Верочка была резковата и решительна, но совсем юной «сбегала» замуж за военного Виталия Мартануса и к браку теперь относилась настороженно. Но их отношения с Михаилом быстро перестали быть платоническими. Он уезжал — она оставалась. У него не обходилось без романов. Она ждала его писем, а он, вырываясь из пут очередной связи, вдруг ощущал звериную тоску по ней.
Наконец он вернулся окончательно. Но приглашать ее «к замужеству» ему придется не раз. Вера потребует свободных отношений. Он ответит: конечно же, нет. И в итоге она согласится на это, и в начале июля 1920 года он перевезет к ней свои вещи. Старенькая оттоманка, на которой было тесно, но никогда не было холодно вдвоем, однажды сломается с грохотом, не выдержав напора страстей.
Что жить с Мишей непросто, стало ясно с первых же дней. Она не винила его — понимала. И жалела. Отравление газами давало о себе знать приступами паники и отчаяния. Они накатывали внезапно: ему вдруг начинало казаться, что за ним следят. Потом паническая атака кончалась, он приходил в себя, но долго, через депрессию, тоску. В такие моменты помочь ему Вера не могла. Не помогла бы и Надежда — женщина, которую он любил прежде и бросил. Надежда — была, Вера — есть… Экий каламбур! Есть и страсти. Где же затерялась Любовь, и есть ли она? Но если ее и нет, это не главное. Ведь он еще в детстве понял, что главное — иметь талант…
Через несколько лет после замужества Вера почувствовала охлаждение мужа и забила тревогу.
— Так у всех, — резюмировал Миша. — Любовь из пальца не высосешь.
Как ее бесила эта фраза! Но Миша произносил ее уверенно. Он вообще был уверен в себе — его писательская слава росла. Вера — личный секретарь — получала задания «официальным тоном». Теперь не она, «одомашненная», а он ратовал за свободные отношения. Хотя он ничего не обсуждал.
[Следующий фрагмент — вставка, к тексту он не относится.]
(* Let $G$ be a finite nilpotent group of nilpotency class $2$ and $w\in F_k$. The following are equivalent: (i) the word map $w:G^k\to G$ is surjective; (ii) $w$ is $F_k(G)$-automorphic to a primitive word; (iii) $w$ is identically distributed on $G$ to a primitive word.
   Context: $F_k$ is the free group on $x_1,\dots,x_k$; a word is primitive if it belongs to some free basis of $F_k$ (equivalently, it is the image of $x_1$ under an automorphism of $F_k$). $P_{w,G}(g):=|\{(g_1,\dots,g_k)\in G^k: w(g_1,\dots,g_k)=g\}|/|G|^k$; two words (possibly in different numbers of variables) are identically distributed on $G$ if their functions $P_{\cdot,G}$ coincide on $G$. The group $F_k(G)$ consists of the word maps $G^k\to G$ induced by elements of $F_k$, under pointwise multiplication; $w_1,w_2\in F_k$ are $F_k(G)$-automorphic if some group automorphism of $F_k(G)$ sends the word map of $w_1$ to that of $w_2$. *)

From HB Require Import structures.
From mathcomp Require Import all_boot all_order all_algebra all_fingroup all_solvable.
Set Implicit Arguments. Unset Strict Implicit. Unset Printing Implicit Defensive.

(* Free group F_k modelled by words over letters (i, b) :
   x_i if b = false, x_i^-1 if b = true; two words denote the same element of
   F_k iff their free reductions coincide. *)

Definition letter (k : nat) := ('I_k * bool)%type.
Definition word (k : nat) := seq (letter k).

Definition inv_letter k (a : letter k) : letter k := (a.1, ~~ a.2).
Definition inv_word k (u : word k) : word k := rev (map (@inv_letter k) u).

Fixpoint reduce k (u : word k) : word k :=
  match u with
  | [::] => [::]
  | a :: s =>
      match reduce s with
      | b :: r => if b == inv_letter a then r else a :: b :: r
      | [::] => [:: a]
      end
  end.

Definition feq k (u v : word k) : Prop := reduce u = reduce v.

Definition gen k (i : 'I_k) : word k := [:: (i, false)].

Definition subst k m (phi : 'I_k -> word m) (w : word k) : word m :=
  flatten (map (fun a : letter k => if a.2 then inv_word (phi a.1) else phi a.1) w).

Definition is_aut k (phi psi : {ffun 'I_k -> word k}) : Prop :=
  (forall i, feq (subst phi (psi i)) (gen i)) /\
  (forall i, feq (subst psi (phi i)) (gen i)).

Definition primitive_word k (w : word k) : Prop :=
  exists (phi psi : {ffun 'I_k -> word k}), is_aut phi psi /\
    exists i : 'I_k, nat_of_ord i = 0%N /\ feq (phi i) w.

Section WordMaps.
Variable gT : finGroupType.
Local Open Scope group_scope.

Definition weval k (x : {ffun 'I_k -> gT}) (w : word k) : gT :=
  foldr (fun a acc => (if a.2 then (x a.1)^-1 else x a.1) * acc) 1 w.

Definition wmap_type k := {ffun {ffun 'I_k -> gT} -> gT}.

Definition wmap k (w : word k) : wmap_type k := [ffun x => weval x w].

Definition fmul k (f g : wmap_type k) : wmap_type k := [ffun x => f x * g x].

Definition in_FkG k (f : wmap_type k) : Prop := exists u : word k, f = wmap u.

Definition FkG_aut k (alpha : wmap_type k -> wmap_type k) : Prop :=
  [/\ forall f, in_FkG f -> in_FkG (alpha f),
      forall f g, in_FkG f -> in_FkG g -> alpha (fmul f g) = fmul (alpha f) (alpha g),
      forall f g, in_FkG f -> in_FkG g -> alpha f = alpha g -> f = g
    & forall g, in_FkG g -> exists2 f, in_FkG f & alpha f = g].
Ставил перед фактом, обвиняя при этом Веру в скверном характере.
— Я заболеваю после разговоров с тобой, — кричал он.
— Так и не приходи! — бросила она зло.
И в ответ получила затем «залп» гнева:
— Что? Я имею право на обед и заботу о моем белье. И помощь в переписке мне нужна. Ты ведь жена?
Вера плакала. Но почему-то принимала правила игры. Но порой было слишком больно, чтобы это сносить.
Валерий родился 5 мая 1921 года. Они сменили квартиру, переехали в большую. Вера писала спустя некоторое время: «Мой бедный мальчик! Он так плохо себя чувствует все время! Больное сердце. Слабые легкие! А работать приходится много, слишком много, не жалея себя, не щадя своих сил…»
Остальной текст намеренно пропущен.